# My Alpine is done...who will be next?!



## ISmellLikeGoats (Oct 4, 2017)

I got an Alpine doe a couple of months ago, was told she was running out with a buck. Ok, she had a slight udder, but you can tell she's had many kids (and she's older, probably 6-8). So I watched her for a month, didn't see any more change in her udder and put her out with all my other does that aren't due for a few more months.
Well, she's back in the barn for the last 2 weeks because her udder filled out a lot more. I seriously can't tell if she's pregnant or just filling out an udder for the heck of it, there's definitely colostrum looking milk when I milked her a tiny bit. She has zero discharge though.
I'm going to try to feel for ligaments today, she is gentle but doesn't like me poking around for ligaments and moves off and I need 2 more hands to hold her lol. 

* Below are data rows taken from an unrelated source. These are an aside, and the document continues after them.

(* The level set of z B(z) through a point z0 of the circle consists of three
   points of the circle, and the reciprocals 1 / (1 + |B'|) over it sum to 1
   (z B pushes arc length forward to three times arc length). *)
Lemma level_set_reciprocal_sum (z0 : C) : Cmod z0 = 1%R ->
  exists z1 z2 : C, Cmod z1 = 1%R /\ Cmod z2 = 1%R /\
    (/ (1 + poisson2 z0) + / (1 + poisson2 z1) + / (1 + poisson2 z2) = 1)%R.
Proof.
  intros Hz0.
  assert (Hden0 : level_den z0 <> 0) by (apply Cmult_neq_0; apply factor_den_circle; auto).
  set (lam := level_num z0 / level_den z0).
  assert (HE0 : level_num z0 = lam * level_den z0) by (unfold lam; field; auto).
  assert (Hlam : Cmod lam = 1%R).
  { unfold lam, level_num, level_den; rewrite Cmod_div by auto.
    rewrite !Cmod_mult, Hz0, !factor_den_mod_circle by auto.
    pose proof (circle_sub_disk_mod_pos z0 a1 Hz0 Ha1);
      pose proof (circle_sub_disk_mod_pos z0 a2 Hz0 Ha2).
    field; lra. }
  pose (c2 := - (a1 + a2) - lam * Cconj a1 * Cconj a2).
  pose (c1 := a1 * a2 + lam * (Cconj a1 + Cconj a2)).
  assert (Hcubic : forall z,
    level_num z - lam * level_den z = z ^ 3 + c2 * z ^ 2 + c1 * z + - lam)
    by (intro z; unfold level_num, level_den, c2, c1; ring).
  assert (Hcubic' : forall z,
    level_num_deriv z - lam * level_den_deriv z = 3 * z ^ 2 + 2 * c2 * z + c1)
    by (intro z; unfold level_num_deriv, level_den_deriv, c2, c1; ring).
  destruct (cubic_vieta c2 c1 (- lam) z0) as (z1 & z2 & V2 & V1 & V0).
  { rewrite <- Hcubic, HE0; ring. }
  rewrite V2, V1, V0 in Hcubic; rewrite V2, V1 in Hcubic'.
  assert (Hlevel : forall z, z = z0 \/ z = z1 \/ z = z2 ->
    Cmod z = 1%R /\ level_num z = lam * level_den z).
  { intros z Hz.
    assert (level_num z = lam * level_den z)
      by (apply Ceq_minus; rewrite Hcubic; destruct Hz as [-> | [-> | ->]]; ring).
    split; [apply (level_set_on_circle lam) |]; auto. }
  destruct (Hlevel z1) as [Hz1 HE1]; auto.
  destruct (Hlevel z2) as [Hz2 HE2]; auto.
  exists z1, z2; split; [exact Hz1 | split; [exact Hz2 |]].
  pose proof (level_log_deriv lam z0 Hz0 HE0) as L0.
  pose proof (level_log_deriv lam z1 Hz1 HE1) as L1.
  pose proof (level_log_deriv lam z2 Hz2 HE2) as L2.
  rewrite Hcubic' in L0, L1, L2.
  assert (Hw : forall z, Cmod z = 1%R -> RtoC (1 + poisson2 z) <> 0 /\ level_den z <> 0).
  { intros z Hz; split.
    - intro H; apply (f_equal Re) in H; simpl in H; pose proof (poisson2_pos z Hz); lra.
    - apply Cmult_neq_0; apply factor_den_circle; auto. }
  destruct (Hw z0 Hz0), (Hw z1 Hz1), (Hw z2 Hz2).
  assert (Hlamz : lam = z0 * z1 * z2) by (replace lam with (- - lam) by ring; rewrite V0; ring).
  rewrite Hlamz in L0, L1, L2.
  assert (Hsum : / RtoC (1 + poisson2 z0) + / RtoC (1 + poisson2 z1)
                 + / RtoC (1 + poisson2 z2) = 1).
  { apply (inverse_weights_sum level_den (- (Cconj a1 + Cconj a2)) (Cconj a1 * Cconj a2)
             z0 z1 z2); auto.
    - intro z; unfold level_den; ring.
    - rewrite <- Hlamz; apply circle_neq0, Hlam.
    - rewrite <- L0; ring.
    - rewrite <- L1; ring.
    - rewrite <- L2; ring. }
  rewrite <- !RtoC_inv, <- !RtoC_plus in Hsum by (pose proof (poisson2_pos z0 Hz0);
    pose proof (poisson2_pos z1 Hz1); pose proof (poisson2_pos z2 Hz2); lra).
  apply (f_equal Re) in Hsum; exact Hsum.
Qed.

Lemma poisson2_lower_bound (c : R) : (forall z, Cmod z = 1%R -> (poisson2 z <= c)%R) ->
  forall z0, Cmod z0 = 1%R -> (2 <= (c - 1) * poisson2 z0)%R.
Proof.
  intros Hc z0 Hz0.
  destruct (level_set_reciprocal_sum z0 Hz0) as (z1 & z2 & Hz1 & Hz2 & Hsum).
  pose proof (poisson2_pos z0 Hz0); pose proof (poisson2_pos z1 Hz1);
    pose proof (poisson2_pos z2 Hz2).
  pose proof (Hc z1 Hz1); pose proof (Hc z2 Hz2).
  destruct (Rle_or_lt (poisson2 z2) (poisson2 z1)).
  - assert (2 <= (poisson2 z1 - 1) * poisson2 z0)%R
      by (apply (reciprocal_sum_bound _ _ (poisson2 z2)); auto).
    nra.
  - assert (2 <= (poisson2 z2 - 1) * poisson2 z0)%R
      by (apply (reciprocal_sum_bound _ _ (poisson2 z1)); lra).
    nra.
Qed.

Lemma Msup_blaschke2_le (c : R) : Rbar_le (Msup (blaschke2 alpha a1 a2)) c ->
  forall z, Cmod z = 1%R -> (poisson2 z <= c)%R.
Proof.
  intros HM z Hz.
  destruct (Lub_Rbar_correct (deriv_mods_on_circle (blaschke2 alpha a1 a2))) as [Hub _].
  apply (Rbar_le_trans (poisson2 z) (Msup (blaschke2 alpha a1 a2)) c); [| exact HM].
  apply Hub, deriv_mods_blaschke2.
  exists z; auto.
Qed.

Lemma minf_blaschke2_ge (m : R) : (forall z, Cmod z = 1%R -> (m <= poisson2 z)%R) ->
  Rbar_le m (minf (blaschke2 alpha a1 a2)).
Proof.
  intros Hm.
  destruct (Glb_Rbar_correct (deriv_mods_on_circle (blaschke2 alpha a1 a2))) as [_ Hglb].
  apply Hglb; intros r Hr.
  apply deriv_mods_blaschke2 in Hr; destruct Hr as (z & Hz & ->); apply Hm, Hz.
Qed.

End Degree2.

Theorem corollary3 (alpha a1 a2 : C) :
  Cmod alpha = 1%R -> (Cmod a1 < 1)%R -> (Cmod a2 < 1)%R ->
  (Rbar_le (Msup (blaschke2 alpha a1 a2)) 3%R ->
     Rbar_le 1%R (minf (blaschke2 alpha a1 a2))) /\
  (Rbar_lt (Msup (blaschke2 alpha a1 a2)) 3%R ->
     Rbar_lt 1%R (minf (blaschke2 alpha a1 a2))).
Proof.
  intros Halpha Ha1 Ha2.
  pose proof (poisson2_pos a1 a2 Ha1 Ha2) as Hpos.
  split; intros HM.
  - apply minf_blaschke2_ge; auto; intros z Hz.
    pose proof (poisson2_lower_bound a1 a2 Ha1 Ha2 3
                  (Msup_blaschke2_le alpha a1 a2 Halpha Ha1 Ha2 3 HM) z Hz).
    lra.
  - assert (Hc : exists c : R, (c < 3)%R /\ Rbar_le (Msup (blaschke2 alpha a1 a2)) c).
    { destruct (Msup (blaschke2 alpha a1 a2)) as [l | |]; simpl in HM |- *.
      - exists l; auto with real.
      - contradiction.
      - exists 0%R; split; [lra | exact I]. }
    destruct Hc as (c & Hc3 & Hc).
    pose proof (poisson2_lower_bound a1 a2 Ha1 Ha2 c
                  (Msup_blaschke2_le alpha a1 a2 Halpha Ha1 Ha2 c Hc)) as Hlow.
    assert (Hc1 : (1 < c)%R) by (pose proof (Hlow 1 Cmod_1); pose proof (Hpos 1 Cmod_1); nra).
    apply (Rbar_lt_le_trans _ (2 / (c - 1))%R).
    + simpl; apply Rmult_lt_reg_l with (c - 1)%R; [lra |].
      replace ((c - 1) * (2 / (c - 1)))%R with 2%R by (field; lra); lra.
    + apply minf_blaschke2_ge; auto; intros z Hz.
      pose proof (Hlow z Hz); apply Rmult_le_reg_l with (c - 1)%R; [lra |].
      replace ((c - 1) * (2 / (c - 1)))%R with 2%R by (field; lra); lra.
Qed.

I think she's doe coding me. I'm out of space in the barn stalls so it's getting pretty crowded in there. Our weather has been sucky so I have babies in the barn with a surrogate momma (lambs and a new Nubian baby I got yesterday) and now the Alpine - I have like 2 stalls in there and no more room...plus I have another doe due this month as well but she's not looking close yet. 
Maybe it's time to start unloading crap out of my barn and stop using it for storage, lol.


----------



## ksalvagno (Oct 6, 2009)

Good luck! Always hard when you don't have an actual due date.


----------



## ISmellLikeGoats (Oct 4, 2017)

Yeah that kills me, I'm glad that after this month, I know when everyone is due because I bunched them all together. I might have a crazy week or two, but it won't be waiting a whole month wondering.


----------



## ISmellLikeGoats (Oct 4, 2017)

Please excuse how lean she is, I've had her for a month and a half.

But look at that udder, I mean it's doubled in size in a month, she's gotta be close? lol

I got photobombed by Ruby the Boer doe, that would be her face on the left.


----------



## groovyoldlady (Jul 21, 2011)

How does the udder feel? Is it really firm? If it is, then she's close. If it's still soft and squishy then she has some filling to do..

Btw, been there, done that with the uncertain due dates. It's totally why I dye my hair now.


----------



## ISmellLikeGoats (Oct 4, 2017)

No it's still soft, I keep hoping to see some discharge or something to give me a sign of impending...something!


----------



## Suzanne_Tyler (Jul 19, 2014)

Happy kidding


----------



## ISmellLikeGoats (Oct 4, 2017)

Eventually! I feel for ligaments, ones there, one isn't...then both. She's playing games  I thought her udder looked big a month ago, but I now realize that's nothing.

Meanwhile, my Nubian doe isn't bagged up at all and I know she's due this month sometime...must be later in the month. Groovy, you're right, I'm going to need a box of Revlon before this month is over.


----------



## ISmellLikeGoats (Oct 4, 2017)

Still nothing but a bigger udder on my Alpine...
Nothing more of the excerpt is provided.